#### What to do:
Each line in the entries below that holds the string "mdeg" must be copied.

#### Collected data:
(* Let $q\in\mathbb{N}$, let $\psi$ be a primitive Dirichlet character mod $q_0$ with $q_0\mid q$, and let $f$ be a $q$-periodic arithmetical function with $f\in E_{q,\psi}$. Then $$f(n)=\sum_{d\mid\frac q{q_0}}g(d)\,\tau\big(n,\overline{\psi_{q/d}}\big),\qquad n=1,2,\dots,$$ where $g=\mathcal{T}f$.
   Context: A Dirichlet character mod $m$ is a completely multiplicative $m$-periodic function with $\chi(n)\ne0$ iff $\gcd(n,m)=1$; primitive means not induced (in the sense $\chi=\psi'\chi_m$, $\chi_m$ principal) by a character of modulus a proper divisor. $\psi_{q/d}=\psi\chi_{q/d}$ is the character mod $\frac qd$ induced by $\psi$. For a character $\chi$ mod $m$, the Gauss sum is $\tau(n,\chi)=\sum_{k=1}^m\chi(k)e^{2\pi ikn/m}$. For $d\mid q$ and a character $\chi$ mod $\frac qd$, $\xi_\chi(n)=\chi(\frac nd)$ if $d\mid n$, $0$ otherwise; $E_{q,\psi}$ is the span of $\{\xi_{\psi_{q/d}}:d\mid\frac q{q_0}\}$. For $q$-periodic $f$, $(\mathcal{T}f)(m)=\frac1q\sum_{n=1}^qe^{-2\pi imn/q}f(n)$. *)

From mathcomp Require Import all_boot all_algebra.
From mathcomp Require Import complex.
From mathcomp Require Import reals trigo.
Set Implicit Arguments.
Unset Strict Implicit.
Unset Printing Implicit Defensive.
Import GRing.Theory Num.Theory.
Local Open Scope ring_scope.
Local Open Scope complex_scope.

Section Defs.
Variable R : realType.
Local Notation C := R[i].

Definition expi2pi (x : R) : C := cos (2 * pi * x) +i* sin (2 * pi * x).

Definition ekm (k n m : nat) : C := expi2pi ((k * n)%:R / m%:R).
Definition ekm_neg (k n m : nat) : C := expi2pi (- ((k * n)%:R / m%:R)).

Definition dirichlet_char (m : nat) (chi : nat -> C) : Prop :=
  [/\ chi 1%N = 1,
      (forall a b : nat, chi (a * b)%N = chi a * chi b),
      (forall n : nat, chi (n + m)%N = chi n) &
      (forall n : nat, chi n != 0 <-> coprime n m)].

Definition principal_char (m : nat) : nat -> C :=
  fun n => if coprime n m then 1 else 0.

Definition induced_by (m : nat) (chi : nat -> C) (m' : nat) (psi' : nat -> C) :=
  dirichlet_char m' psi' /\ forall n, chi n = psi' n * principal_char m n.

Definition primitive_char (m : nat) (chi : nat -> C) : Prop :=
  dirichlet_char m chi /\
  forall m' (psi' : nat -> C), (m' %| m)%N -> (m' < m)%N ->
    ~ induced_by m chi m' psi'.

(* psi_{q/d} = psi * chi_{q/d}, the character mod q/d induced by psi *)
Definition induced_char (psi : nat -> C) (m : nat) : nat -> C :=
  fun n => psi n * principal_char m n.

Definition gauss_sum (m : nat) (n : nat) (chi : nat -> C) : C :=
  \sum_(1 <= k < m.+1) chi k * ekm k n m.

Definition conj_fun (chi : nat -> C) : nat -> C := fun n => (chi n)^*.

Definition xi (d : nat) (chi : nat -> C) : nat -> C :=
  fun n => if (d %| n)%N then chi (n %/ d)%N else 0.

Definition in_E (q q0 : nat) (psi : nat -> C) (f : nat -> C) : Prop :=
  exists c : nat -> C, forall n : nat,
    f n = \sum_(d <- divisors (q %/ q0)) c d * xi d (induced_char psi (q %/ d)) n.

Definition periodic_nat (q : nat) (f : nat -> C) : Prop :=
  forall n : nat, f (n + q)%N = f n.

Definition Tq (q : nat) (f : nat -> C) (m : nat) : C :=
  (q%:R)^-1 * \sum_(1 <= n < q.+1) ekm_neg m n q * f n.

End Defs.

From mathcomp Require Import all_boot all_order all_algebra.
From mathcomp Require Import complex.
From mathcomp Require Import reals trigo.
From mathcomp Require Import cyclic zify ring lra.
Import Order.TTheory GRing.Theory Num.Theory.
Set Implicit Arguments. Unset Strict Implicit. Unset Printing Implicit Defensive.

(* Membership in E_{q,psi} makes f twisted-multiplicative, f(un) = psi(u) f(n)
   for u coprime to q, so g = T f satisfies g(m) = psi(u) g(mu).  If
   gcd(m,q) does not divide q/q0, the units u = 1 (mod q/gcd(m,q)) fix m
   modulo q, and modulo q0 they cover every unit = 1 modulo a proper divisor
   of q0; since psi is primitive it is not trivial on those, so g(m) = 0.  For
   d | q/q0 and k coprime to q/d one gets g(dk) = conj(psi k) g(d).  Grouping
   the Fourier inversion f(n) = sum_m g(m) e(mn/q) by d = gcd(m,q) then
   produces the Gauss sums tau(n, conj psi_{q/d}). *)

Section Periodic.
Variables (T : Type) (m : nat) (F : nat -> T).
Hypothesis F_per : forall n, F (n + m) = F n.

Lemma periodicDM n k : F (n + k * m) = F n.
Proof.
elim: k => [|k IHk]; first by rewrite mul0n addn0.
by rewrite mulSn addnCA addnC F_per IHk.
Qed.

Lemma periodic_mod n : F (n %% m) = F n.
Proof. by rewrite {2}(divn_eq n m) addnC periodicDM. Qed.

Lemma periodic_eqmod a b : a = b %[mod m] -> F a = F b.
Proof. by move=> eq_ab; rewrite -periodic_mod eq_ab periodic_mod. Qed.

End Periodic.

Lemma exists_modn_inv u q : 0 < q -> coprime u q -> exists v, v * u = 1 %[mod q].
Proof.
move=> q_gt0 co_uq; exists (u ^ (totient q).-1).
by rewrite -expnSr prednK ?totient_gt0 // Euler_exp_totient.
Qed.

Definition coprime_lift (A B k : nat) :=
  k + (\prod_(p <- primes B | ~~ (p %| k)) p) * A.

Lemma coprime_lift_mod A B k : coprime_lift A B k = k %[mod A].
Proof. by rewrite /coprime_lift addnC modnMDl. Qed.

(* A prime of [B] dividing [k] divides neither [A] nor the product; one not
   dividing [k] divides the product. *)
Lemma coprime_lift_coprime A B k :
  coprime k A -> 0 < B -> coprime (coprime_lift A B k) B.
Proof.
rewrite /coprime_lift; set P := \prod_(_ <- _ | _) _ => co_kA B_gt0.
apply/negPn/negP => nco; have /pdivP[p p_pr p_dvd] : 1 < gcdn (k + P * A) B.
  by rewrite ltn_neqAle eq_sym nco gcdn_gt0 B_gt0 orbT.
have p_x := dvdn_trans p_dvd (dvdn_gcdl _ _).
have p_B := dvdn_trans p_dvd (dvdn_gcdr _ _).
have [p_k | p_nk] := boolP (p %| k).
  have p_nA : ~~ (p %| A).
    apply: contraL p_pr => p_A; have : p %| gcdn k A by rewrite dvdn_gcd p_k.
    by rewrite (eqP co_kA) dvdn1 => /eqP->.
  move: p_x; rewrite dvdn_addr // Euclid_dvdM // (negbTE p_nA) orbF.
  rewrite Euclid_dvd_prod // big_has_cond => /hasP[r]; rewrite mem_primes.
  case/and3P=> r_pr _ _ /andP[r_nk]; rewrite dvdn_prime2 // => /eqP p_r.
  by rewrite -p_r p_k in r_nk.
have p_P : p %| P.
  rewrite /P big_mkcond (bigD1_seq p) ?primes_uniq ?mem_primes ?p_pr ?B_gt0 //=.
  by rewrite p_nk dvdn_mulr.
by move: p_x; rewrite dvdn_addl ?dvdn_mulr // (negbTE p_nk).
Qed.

==

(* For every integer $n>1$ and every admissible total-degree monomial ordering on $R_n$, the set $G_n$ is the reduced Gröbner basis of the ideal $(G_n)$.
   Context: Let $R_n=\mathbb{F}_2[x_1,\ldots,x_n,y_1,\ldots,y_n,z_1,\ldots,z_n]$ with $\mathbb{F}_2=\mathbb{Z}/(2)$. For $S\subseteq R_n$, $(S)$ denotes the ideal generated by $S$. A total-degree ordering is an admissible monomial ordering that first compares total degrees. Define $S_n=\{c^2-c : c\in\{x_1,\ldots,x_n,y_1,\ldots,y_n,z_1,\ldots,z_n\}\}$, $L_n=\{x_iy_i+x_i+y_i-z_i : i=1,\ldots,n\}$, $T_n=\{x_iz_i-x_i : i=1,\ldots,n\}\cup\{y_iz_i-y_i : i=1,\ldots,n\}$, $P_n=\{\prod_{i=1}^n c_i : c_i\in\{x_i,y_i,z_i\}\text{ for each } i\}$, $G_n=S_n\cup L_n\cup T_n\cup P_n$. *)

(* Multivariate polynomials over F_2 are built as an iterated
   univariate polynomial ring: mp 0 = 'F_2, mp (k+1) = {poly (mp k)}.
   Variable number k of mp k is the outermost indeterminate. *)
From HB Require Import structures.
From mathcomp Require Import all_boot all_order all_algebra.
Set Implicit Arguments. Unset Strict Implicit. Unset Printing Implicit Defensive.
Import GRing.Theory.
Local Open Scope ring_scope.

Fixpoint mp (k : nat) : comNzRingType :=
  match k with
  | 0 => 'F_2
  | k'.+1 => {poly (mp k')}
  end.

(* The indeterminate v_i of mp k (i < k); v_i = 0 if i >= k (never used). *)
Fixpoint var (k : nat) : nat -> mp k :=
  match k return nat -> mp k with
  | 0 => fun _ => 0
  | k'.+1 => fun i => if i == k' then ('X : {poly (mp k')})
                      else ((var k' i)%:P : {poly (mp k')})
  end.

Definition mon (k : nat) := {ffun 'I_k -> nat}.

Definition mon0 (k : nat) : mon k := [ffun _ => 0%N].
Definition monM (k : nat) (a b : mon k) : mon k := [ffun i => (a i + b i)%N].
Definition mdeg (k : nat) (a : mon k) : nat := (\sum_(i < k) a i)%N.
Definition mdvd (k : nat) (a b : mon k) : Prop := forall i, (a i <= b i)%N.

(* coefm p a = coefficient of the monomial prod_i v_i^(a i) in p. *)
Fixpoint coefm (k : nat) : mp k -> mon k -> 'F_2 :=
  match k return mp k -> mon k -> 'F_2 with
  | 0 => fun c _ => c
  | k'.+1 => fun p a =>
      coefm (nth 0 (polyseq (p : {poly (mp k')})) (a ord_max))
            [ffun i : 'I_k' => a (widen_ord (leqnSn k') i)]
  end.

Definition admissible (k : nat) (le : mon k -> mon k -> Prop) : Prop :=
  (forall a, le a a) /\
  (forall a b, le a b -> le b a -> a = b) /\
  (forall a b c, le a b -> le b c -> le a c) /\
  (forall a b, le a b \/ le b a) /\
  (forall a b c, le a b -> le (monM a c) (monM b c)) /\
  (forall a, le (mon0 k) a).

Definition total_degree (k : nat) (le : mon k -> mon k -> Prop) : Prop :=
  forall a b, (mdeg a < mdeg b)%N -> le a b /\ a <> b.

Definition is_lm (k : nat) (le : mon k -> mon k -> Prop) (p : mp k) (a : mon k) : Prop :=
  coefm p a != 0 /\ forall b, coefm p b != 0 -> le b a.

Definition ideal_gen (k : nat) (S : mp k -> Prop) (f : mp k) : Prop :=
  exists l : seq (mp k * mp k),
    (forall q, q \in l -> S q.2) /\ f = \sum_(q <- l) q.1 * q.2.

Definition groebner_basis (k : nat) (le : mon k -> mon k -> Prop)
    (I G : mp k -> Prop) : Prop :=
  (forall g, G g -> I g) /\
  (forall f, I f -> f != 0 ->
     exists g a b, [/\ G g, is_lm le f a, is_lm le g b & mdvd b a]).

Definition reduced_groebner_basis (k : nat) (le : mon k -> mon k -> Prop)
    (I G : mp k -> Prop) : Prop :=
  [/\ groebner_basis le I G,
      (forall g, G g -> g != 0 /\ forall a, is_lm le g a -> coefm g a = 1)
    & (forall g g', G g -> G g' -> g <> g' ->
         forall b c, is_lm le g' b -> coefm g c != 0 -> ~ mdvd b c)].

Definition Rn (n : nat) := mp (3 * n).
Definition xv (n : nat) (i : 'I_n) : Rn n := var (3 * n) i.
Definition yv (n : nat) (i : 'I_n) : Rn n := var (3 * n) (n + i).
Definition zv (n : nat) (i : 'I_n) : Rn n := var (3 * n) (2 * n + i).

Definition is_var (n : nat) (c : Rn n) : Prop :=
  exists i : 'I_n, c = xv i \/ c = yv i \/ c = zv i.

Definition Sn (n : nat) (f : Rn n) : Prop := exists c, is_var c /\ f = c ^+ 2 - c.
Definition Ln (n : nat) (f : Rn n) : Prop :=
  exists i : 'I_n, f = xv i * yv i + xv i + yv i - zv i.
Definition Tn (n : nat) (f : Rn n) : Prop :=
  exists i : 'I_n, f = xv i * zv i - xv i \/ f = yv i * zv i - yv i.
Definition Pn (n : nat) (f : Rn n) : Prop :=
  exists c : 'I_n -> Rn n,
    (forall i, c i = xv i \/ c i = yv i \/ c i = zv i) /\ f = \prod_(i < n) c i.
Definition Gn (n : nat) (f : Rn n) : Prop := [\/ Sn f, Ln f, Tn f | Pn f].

#### Solution to this problem:
Definition mdeg (k : nat) (a : mon k) : nat := (\sum_(i < k) a i)%N.
  forall a b, (mdeg a < mdeg b)%N -> le a b /\ a <> b.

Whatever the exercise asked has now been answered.